You can infer their natural keys usually from unique fields (and or unique_together
).
Fields that are defined as unique or in unique_together
can be defined by
only using the field name e.g. a Language is related to a Country.
In Language definition,
the unique_together
is usually the Country + the Language's ISO 639-1.
In code it'll look something like this
unique_together = (( 'country', 'code'),)
Notice that country
in unique_together itself is abstract.
What defines a country?
In context of unique_together
it will be their ID, but ID is not natural key.
Country's natural key should be their ISO 2 code.

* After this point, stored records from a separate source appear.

Set Implicit Arguments.
Unset Strict Implicit.
Unset Printing Implicit Defensive.

Lemma decPP (P : Prop) : reflect P (Defs.decP P).
Proof. by rewrite /Defs.decP; case: (excluded_middle_informative P); constructor. Qed.

Lemma count_lt_subpred (T : Type) (a1 a2 : pred T) (s : seq T) :
  subpred a1 a2 -> has (predD a2 a1) s -> count a1 s < count a2 s.
Proof.
move=> sub12; elim: s => //= x s IH /orP[/andP[/negbTE-> ->]|has_s].
  by rewrite add0n add1n ltnS sub_count.
rewrite -addnS; apply: leq_add (IH has_s).
by case a1x: (a1 x); rewrite ?(sub12 _ a1x).
Qed.

Lemma clos_trans_mono (A : Type) (R S : relation A) x y :
  inclusion A R S -> clos_trans A R x y -> clos_trans A S x y.
Proof. by move=> RS; elim=> [a b /RS|a b c _ Rab _ Rbc]; [left | right with b]. Qed.

Lemma clos_trans_idem (A : Type) (R : relation A) x y :
  clos_trans A (clos_trans A R) x y -> clos_trans A R x y.
Proof. by elim=> // a b c _ Rab _ Rbc; right with b. Qed.

Section Preferences.

Variables (d : nat) (Tx : 'I_d -> taxonomy).
Implicit Types (F : formula Tx) (P Q : statement Tx).

Lemma formula_holds_nth F t1 t2 :
  formula_holds F t1 t2 <-> exists2 i, i < size F & stmt_holds (nth [::] F i) t1 t2.
Proof.
elim: F => [|P F IH] /=; first by split=> // -[].
split=> [[HP|/IH[i lt_i Hi]]|[[|i] /= lt_i Hi]]; [by exists 0 | by exists i.+1 | by left|].
by right; apply/IH; exists i.
Qed.

Lemma formula_holds_map_filter (f : nat -> statement Tx) (p : pred nat) s t1 t2 :
  formula_holds [seq f i | i <- s & p i] t1 t2 <->
  exists i, [/\ i \in s, p i & stmt_holds (f i) t1 t2].
Proof.
elim: s => [|x s IH] /=; first by split=> // -[i []].
case px: (p x) => /=.
  split=> [[Hx|/IH[i [s_i p_i Hi]]]|[i []]].
  - by exists x; rewrite inE eqxx.
  - by exists i; rewrite inE s_i orbT.
  - rewrite inE => /predU1P[-> _ Hx|s_i p_i Hi]; [by left | by right; apply/IH; exists i].
split=> [/IH[i [s_i p_i Hi]]|[i []]]; first by exists i; rewrite inE s_i orbT.
by rewrite inE => /predU1P[->|s_i p_i Hi]; [rewrite px | apply/IH; exists i].
Qed.

Lemma stmt_holds_filter_sat P t1 t2 :
  stmt_holds [seq c <- P | Defs.decP (clause_sat c)] t1 t2 <-> stmt_holds P t1 t2.
Proof.
elim: P => [|c P IH] //=; case: decPP => [sat_c|unsat_c] /=.
  by split=> -[Hc|HP]; [left | right; apply/IH | left | right; apply/IH].
split=> [/IH|[Hc|/IH //]]; [by right | by case: unsat_c; exists t1, t2].
Qed.

(* The subsumption test of [normF] compares statements by position as well as by
   implication, so following subsumptions strictly decreases this rank. *)
Definition implied_count F i : nat :=
  count (fun j => Defs.decP (stmt_implies (nth [::] F i) (nth [::] F j))) (iota 0 (size F)).

Definition subsumption_rank F i : nat := implied_count F i * size F + i.

Lemma subsumption_rank_lt F j k :
  j < size F -> k < size F ->
  stmt_implies (nth [::] F j) (nth [::] F k) ->
  ~ stmt_implies (nth [::] F k) (nth [::] F j) \/ k < j ->
  subsumption_rank F k < subsumption_rank F j.
Proof.
move=> lt_j lt_k jk order_kj; rewrite /subsumption_rank.
have sub_kj : subpred (fun x => Defs.decP (stmt_implies (nth [::] F k) (nth [::] F x)))
                      (fun x => Defs.decP (stmt_implies (nth [::] F j) (nth [::] F x))).
  by move=> x /decPP kx; apply/decPP => t1 t2 /jk/kx.
have le_count : implied_count F k <= implied_count F j := sub_count sub_kj _.
case: order_kj => [not_kj|lt_kj]; last by nia.
have lt_count : implied_count F k < implied_count F j.
  apply: count_lt_subpred sub_kj _; apply/hasP; exists j; first by rewrite mem_iota.
  by apply/andP; split; apply/decPP => // [[]].
by nia.
Qed.

Lemma exists_unsubsumed_implied F i :
  i < size F ->
  exists k, [/\ k < size F, ~~ subsumedb F k & stmt_implies (nth [::] F i) (nth [::] F k)].
Proof.
move=> lt_i; have [m lt_rank] := ubnP (subsumption_rank F i).
elim: m => // m IH in i lt_i lt_rank *.
case sub_i: (subsumedb F i); last by exists i; split=> //; rewrite sub_i.
move: sub_i => /decPP[j [lt_j [_ [ij order_ji]]]].
have lt_ji := subsumption_rank_lt lt_i lt_j ij order_ji.
have [|k [lt_k unsub_k jk]] := IH j lt_j; first exact: leq_trans lt_ji lt_rank.
by exists k; split=> // t1 t2 /ij/jk.
Qed.

Lemma normF_holds F t1 t2 : formula_holds (normF F) t1 t2 <-> formula_holds F t1 t2.
Proof.
rewrite /normF; set Fs := map _ F.
have size_Fs : size Fs = size F by rewrite size_map.
have nth_Fs i : i < size F ->
    stmt_holds (nth [::] Fs i) t1 t2 <-> stmt_holds (nth [::] F i) t1 t2.
  by move=> lt_i; rewrite (nth_map [::]) //; apply: stmt_holds_filter_sat.
rewrite formula_holds_map_filter formula_holds_nth size_Fs.
split=> [[i [+ _]]|[i lt_i Hi]].
  by rewrite mem_iota => lt_i /(nth_Fs _ lt_i) Hi; exists i.
have [|k [lt_k unsub_k ik]] := @exists_unsubsumed_implied Fs i; first by rewrite size_Fs.
rewrite size_Fs in lt_k; exists k; split; first by rewrite mem_iota.
  exact: unsub_k.
by apply: ik; apply/(nth_Fs _ lt_i).
Qed.


Lemma stmt_holds_cat P Q t1 t2 :
  stmt_holds (P ++ Q) t1 t2 -> stmt_holds P t1 t2 \/ stmt_holds Q t1 t2.
Proof. by elim: P => [|c P IH] /=; [right | case=> [|/IH]; tauto]. Qed.

Lemma clause_holds_cat_l (c c' : clause Tx) t1 t2 :
  clause_holds (c ++ c') t1 t2 -> clause_holds c t1 t2.
Proof. by elim: c => [|a c IH] //= [Ha /IH]. Qed.

Lemma conj_stmt_holds_l P Q t1 t2 :
  stmt_holds (conj_stmt P Q) t1 t2 -> stmt_holds P t1 t2.
Proof.
rewrite /conj_stmt; elim: P => [|c P IH] //= /stmt_holds_cat[HcQ|/IH]; last by right.
by left; clear IH; elim: Q HcQ => [|c' Q IHQ] //= [/clause_holds_cat_l|/IHQ].
Qed.

Lemma refine_stmt_holds F i t1 t2 :
  stmt_holds (refine_stmt F i) t1 t2 -> stmt_holds (nth [::] F i) t1 t2.
Proof.
rewrite /refine_stmt; elim: (impl_list F i) (nth [::] F i) => [|Q L IH] P //= HPL.
exact: conj_stmt_holds_l (IH _ HPL).
Qed.

Lemma round_holds F t1 t2 : formula_holds (round F) t1 t2 -> formula_holds F t1 t2.
Proof.
rewrite /round formula_holds_nth size_map size_iota => -[i lt_i].
rewrite (nth_map 0) ?size_iota // nth_iota // add0n => /refine_stmt_holds Hi.
by apply/formula_holds_nth; exists i.
Qed.

Lemma iter_round_holds n F t1 t2 :
  formula_holds (iter n (@round d Tx) F) t1 t2 -> formula_holds F t1 t2.
Proof. by elim: n => [|n IH] //= /round_holds/IH. Qed.

Lemma round_stable F : stable F -> round F = F.
Proof.
move=> stF; rewrite /round -{3}(mkseq_nth [::] F).
by apply/eq_in_map => i; rewrite mem_iota => lt_i; rewrite /refine_stmt stF.
Qed.

Lemma iter_round_stable m n F :
  stable (iter n (@round d Tx) F) -> iter (m + n) (@round d Tx) F = iter n (@round d Tx) F.
Proof. by move=> stF; elim: m => [|m IH] //; rewrite addSn iterS IH round_stable. Qed.

Section Runs.

Variable Top : formula Tx -> formula Tx.

Lemma step_functional o F G1 G2 : step Top o F G1 -> step Top o F G2 -> G1 = G2.
Proof.
case: o => [-> -> //|[n [st_n ->]] [m [st_m ->]]]; congr normF.
have [le_nm|/ltnW le_mn] := leqP n m.
  by rewrite -(subnK le_nm) iter_round_stable.
by rewrite -(subnK le_mn) iter_round_stable.
Qed.

Lemma run_nilE F G : run Top [::] F G -> G = F.
Proof. by inversion 1. Qed.

Lemma run_consE o X F H :
  run Top (o :: X) F H -> exists2 G, step Top o F G & run Top X G H.
Proof. by move=> r; inversion r; exists G. Qed.

Lemma run_functional X F G1 G2 : run Top X F G1 -> run Top X F G2 -> G1 = G2.
Proof.
move=> r1; elim: r1 G2 => [F0|o X0 F0 G H s1 _ IH] G2; first by move/run_nilE.
by case/run_consE=> G' s2; rewrite (step_functional s1 s2) in IH; apply: IH.
Qed.

Lemma run_cat X Y F H :
  run Top (X ++ Y) F H -> exists2 G, run Top X F G & run Top Y G H.
Proof.
elim: X F => [|o X IH] F /=; first by exists F => //; constructor.
case/run_consE=> G s /IH[G' rX rY]; exists G' => //; exact: run_cons s rX.
Qed.

Lemma stepT_induced F G t1 t2 : is_T_operator Top ->
  step Top OpT F G -> induced G t1 t2 <-> clos_trans _ (induced F) t1 t2.
Proof. by move=> HT /= ->; rewrite /induced normF_holds; apply: HT. Qed.

Lemma stepS_induced F G t1 t2 : step Top OpS F G -> induced G t1 t2 -> induced F t1 t2.
Proof. by case=> n [_ ->]; rewrite /induced normF_holds => /iter_round_holds. Qed.

End Runs.

End Preferences.

Theorem mainTheorem3 (d : nat) (Tx : 'I_d -> taxonomy)
  (Top : formula Tx -> formula Tx) (HT : is_T_operator Top) (X : seq op) :
  contained Top (X ++ [:: OpT; OpS; OpT]) (X ++ [:: OpT]).
Proof.
move=> F _ GX GY /run_cat[G rG /run_consE[G1 sT1 /run_consE[G2 sS /run_consE[G3 sT3]]]].
move=> /run_nilE -> /run_cat[G' rG' /run_consE[G4 sT4 /run_nilE ->]] t1 t2.
rewrite (run_functional rG' rG) in sT4.
move=> /(stepT_induced _ _ HT sT3) HX.
apply/(stepT_induced _ _ HT sT4)/clos_trans_idem.
apply: clos_trans_mono HX => a b /(stepS_induced sS).
by move/(stepT_induced _ _ HT sT1).
Qed.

So we can infer that natural key of Language, programmatically, is the Country's ISO 2 code + the Language's ISO 639-1
It'll look like this when you implement in code
class Language(models.Model):
def natural_key(self):
return (self.country.code, self.code,)
In essence, natural key is usually combination of unique fields and or
unique_together
, but it needs to be more verbose.
Usage
To get Data Sync working, you need to register the models that want to be synced. Only register insensitive models e.g. copy. Never sync sensitive models e.g. User as it can expose very sensitive data.
To register the models, you need to decorate them and use custom managers.
from django.db import models
import data_sync
@data_sync.register_model(natural_key=['code'])
class Country(models.Model):
objects = data_sync.managers.DataSyncEnhancedManager()
code = models.CharField(max_length=2) # iso2
....
....
@data_sync.register_model(natural_key=['country.code', 'code'])
class Language(models.Model):
objects = data_sync.managers.DataSyncEnhancedManager()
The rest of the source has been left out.